• **DATA FOR PROCESSING**:
(* Because Ext^1(A, K_j) = 0, the pullback of K_j >-> L_j ->> M_j along any
   u : A -> M_j splits, so u lifts to L_j; hence q lifts to s : A -> prod L_j
   with g \o s = q.  Kernels commute with products, so f is a kernel of g.
   Finally, a morphism g with a kernel f such that g \o s is an admissible
   epimorphism is itself an admissible epimorphism with kernel f (Buehler's
   "obscure axiom"): pushing the conflation ker q >-> A ->> prod M along the
   induced ker q -> prod K gives a conflation prod K >-> P ->> prod M, and the
   comparison map P -> prod L is an isomorphism. *)

Section AdditiveCategory.
Variable C : AddCat.

Lemma compBl (X Y Z : obj C) (g1 g2 : cHom C Y Z) (f : cHom C X Y) :
  (g1 - g2) \o' f = (g1 \o' f) - (g2 \o' f).
Proof. by apply/eqP; rewrite eq_sym subr_eq -compDl subrK. Qed.

Lemma compBr (X Y Z : obj C) (g : cHom C Y Z) (f1 f2 : cHom C X Y) :
  g \o' (f1 - f2) = (g \o' f1) - (g \o' f2).
Proof. by apply/eqP; rewrite eq_sym subr_eq -compDr subrK. Qed.

Lemma comp0m (X Y Z : obj C) (f : cHom C X Y) : (0 : cHom C Y Z) \o' f = 0.
Proof. by rewrite -(subr0 (0 : cHom C Y Z)) compBl subrr. Qed.

Lemma compm0 (X Y Z : obj C) (g : cHom C Y Z) : g \o' (0 : cHom C X Y) = 0.
Proof. by rewrite -(subr0 (0 : cHom C X Y)) compBr subrr. Qed.

Definition monic (X Y : obj C) (h : cHom C X Y) : Prop :=
  forall Z (a b : cHom C Z X), h \o' a = h \o' b -> a = b.

Definition epic (X Y : obj C) (h : cHom C X Y) : Prop :=
  forall Z (a b : cHom C Y Z), a \o' h = b \o' h -> a = b.

Lemma monicP (X Y : obj C) (h : cHom C X Y) :
  (forall Z (x : cHom C Z X), h \o' x = 0 -> x = 0) -> monic h.
Proof.
move=> h0 Z a b hab; apply/eqP; rewrite -subr_eq0; apply/eqP/h0.
by rewrite compBr hab subrr.
Qed.

Lemma iso_idm (X : obj C) : is_iso (idm X).
Proof. by exists (idm X); rewrite comp1m. Qed.

Lemma monic_split_iso (X Y : obj C) (h : cHom C X Y) (k : cHom C Y X) :
  monic h -> h \o' k = idm Y -> is_iso k.
Proof.
move=> hm hk; exists h; split=> //.
by apply: hm; rewrite compA hk comp1m compm1.
Qed.

Lemma kernel_monic (K L M : obj C) (i : cHom C K L) (p : cHom C L M) : is_kernel i p -> monic i.
Proof.
move=> [hpi hu] X a b hab.
have h0 : p \o' (i \o' a) = 0 by rewrite compA hpi comp0m.
have [h [_ hun]] := hu X _ h0.
by rewrite -(hun a erefl) -(hun b (esym hab)).
Qed.

Lemma cokernel_epic (K L M : obj C) (i : cHom C K L) (p : cHom C L M) : is_cokernel i p -> epic p.
Proof.
move=> [hpi hu] X a b hab.
have h0 : (a \o' p) \o' i = 0 by rewrite -compA hpi compm0.
have [h [_ hun]] := hu X _ h0.
by rewrite -(hun a erefl) -(hun b (esym hab)).
Qed.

• **EXERCISE**: Pull out every line of the records above that contains the word "along".

• **WRITTEN ANSWER**:
(* Because Ext^1(A, K_j) = 0, the pullback of K_j >-> L_j ->> M_j along any
   "obscure axiom"): pushing the conflation ker q >-> A ->> prod M along the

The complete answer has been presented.